### Input data:
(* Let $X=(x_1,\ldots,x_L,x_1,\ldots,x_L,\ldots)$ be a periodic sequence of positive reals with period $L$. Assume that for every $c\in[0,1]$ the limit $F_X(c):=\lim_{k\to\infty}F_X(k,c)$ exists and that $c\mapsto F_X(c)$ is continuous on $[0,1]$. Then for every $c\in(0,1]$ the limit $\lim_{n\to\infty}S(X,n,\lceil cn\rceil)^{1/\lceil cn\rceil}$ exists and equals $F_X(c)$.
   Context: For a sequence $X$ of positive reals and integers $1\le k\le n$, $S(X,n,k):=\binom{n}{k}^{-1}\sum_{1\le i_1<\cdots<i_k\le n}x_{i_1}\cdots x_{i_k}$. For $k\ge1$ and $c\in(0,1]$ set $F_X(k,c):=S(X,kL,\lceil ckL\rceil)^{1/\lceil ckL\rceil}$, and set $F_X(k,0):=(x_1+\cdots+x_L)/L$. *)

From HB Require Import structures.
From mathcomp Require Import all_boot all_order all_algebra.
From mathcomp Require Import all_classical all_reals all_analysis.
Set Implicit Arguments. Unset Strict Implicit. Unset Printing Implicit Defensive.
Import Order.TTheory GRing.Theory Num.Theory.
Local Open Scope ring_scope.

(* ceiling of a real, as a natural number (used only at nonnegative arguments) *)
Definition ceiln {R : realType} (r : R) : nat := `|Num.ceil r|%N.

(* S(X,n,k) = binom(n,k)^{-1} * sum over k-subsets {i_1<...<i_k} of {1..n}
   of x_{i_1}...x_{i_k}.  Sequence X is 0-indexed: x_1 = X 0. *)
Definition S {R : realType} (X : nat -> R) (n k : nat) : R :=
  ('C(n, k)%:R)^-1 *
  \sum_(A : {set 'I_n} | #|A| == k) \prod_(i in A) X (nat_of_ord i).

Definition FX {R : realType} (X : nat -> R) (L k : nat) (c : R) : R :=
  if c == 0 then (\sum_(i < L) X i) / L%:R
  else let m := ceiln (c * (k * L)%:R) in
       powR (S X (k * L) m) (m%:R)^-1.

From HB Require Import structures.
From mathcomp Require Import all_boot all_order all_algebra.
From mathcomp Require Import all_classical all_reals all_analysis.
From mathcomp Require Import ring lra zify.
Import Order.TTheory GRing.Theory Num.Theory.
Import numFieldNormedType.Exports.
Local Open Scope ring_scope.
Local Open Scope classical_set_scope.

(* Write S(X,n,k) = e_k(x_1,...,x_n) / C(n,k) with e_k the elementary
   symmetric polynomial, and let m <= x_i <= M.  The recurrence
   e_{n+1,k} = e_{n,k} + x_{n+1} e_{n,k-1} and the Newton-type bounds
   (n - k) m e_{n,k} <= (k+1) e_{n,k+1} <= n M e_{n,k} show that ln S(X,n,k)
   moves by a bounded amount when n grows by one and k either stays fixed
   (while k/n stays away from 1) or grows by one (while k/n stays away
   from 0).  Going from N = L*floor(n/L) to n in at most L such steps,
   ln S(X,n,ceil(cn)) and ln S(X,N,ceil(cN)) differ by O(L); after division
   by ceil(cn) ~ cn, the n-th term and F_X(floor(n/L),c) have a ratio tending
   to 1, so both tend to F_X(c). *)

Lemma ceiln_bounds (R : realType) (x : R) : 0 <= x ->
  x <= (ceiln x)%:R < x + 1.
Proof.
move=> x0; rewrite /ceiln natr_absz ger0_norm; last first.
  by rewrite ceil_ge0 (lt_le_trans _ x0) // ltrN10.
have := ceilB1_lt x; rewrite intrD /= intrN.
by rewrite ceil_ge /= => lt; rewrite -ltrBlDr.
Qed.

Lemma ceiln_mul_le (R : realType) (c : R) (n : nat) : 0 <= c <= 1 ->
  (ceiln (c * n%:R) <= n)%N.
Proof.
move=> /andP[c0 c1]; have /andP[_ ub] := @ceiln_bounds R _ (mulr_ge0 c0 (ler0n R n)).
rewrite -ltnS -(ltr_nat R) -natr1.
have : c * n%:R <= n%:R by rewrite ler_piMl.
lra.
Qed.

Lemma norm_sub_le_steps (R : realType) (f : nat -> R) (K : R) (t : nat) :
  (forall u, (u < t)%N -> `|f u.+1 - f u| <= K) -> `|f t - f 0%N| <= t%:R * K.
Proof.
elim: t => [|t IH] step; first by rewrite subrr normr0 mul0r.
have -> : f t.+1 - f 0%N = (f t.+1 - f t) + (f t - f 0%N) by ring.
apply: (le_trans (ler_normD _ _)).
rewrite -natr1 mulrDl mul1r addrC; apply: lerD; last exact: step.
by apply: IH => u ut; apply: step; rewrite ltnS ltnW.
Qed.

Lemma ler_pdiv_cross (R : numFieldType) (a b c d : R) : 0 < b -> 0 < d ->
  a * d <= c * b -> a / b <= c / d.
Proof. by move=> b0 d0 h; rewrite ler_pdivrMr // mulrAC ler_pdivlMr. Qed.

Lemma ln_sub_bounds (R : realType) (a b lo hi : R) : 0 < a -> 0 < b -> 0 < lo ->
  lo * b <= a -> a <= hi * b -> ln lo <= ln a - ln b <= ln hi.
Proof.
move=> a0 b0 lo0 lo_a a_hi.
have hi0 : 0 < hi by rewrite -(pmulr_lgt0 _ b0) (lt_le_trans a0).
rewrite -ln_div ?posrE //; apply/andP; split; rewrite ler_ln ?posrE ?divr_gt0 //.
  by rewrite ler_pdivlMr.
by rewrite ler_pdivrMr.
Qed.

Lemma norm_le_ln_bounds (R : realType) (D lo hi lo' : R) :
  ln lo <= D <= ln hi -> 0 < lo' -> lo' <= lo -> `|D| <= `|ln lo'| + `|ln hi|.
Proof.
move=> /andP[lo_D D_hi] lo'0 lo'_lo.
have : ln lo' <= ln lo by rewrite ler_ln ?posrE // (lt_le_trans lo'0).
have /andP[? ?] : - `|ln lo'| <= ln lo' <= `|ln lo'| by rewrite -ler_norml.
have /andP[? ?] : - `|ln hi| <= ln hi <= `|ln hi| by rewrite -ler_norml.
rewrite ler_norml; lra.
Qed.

### What needs to be done:
Above are the records; from them, give again exactly the lines from the one containing "moves by a bounded" through the one containing "ln S(X,n,ceil(cn)) and", both included.

### Answer to this problem:
   moves by a bounded amount when n grows by one and k either stays fixed
   (while k/n stays away from 1) or grows by one (while k/n stays away
   from 0).  Going from N = L*floor(n/L) to n in at most L such steps,
   ln S(X,n,ceil(cn)) and ln S(X,N,ceil(cN)) differ by O(L); after division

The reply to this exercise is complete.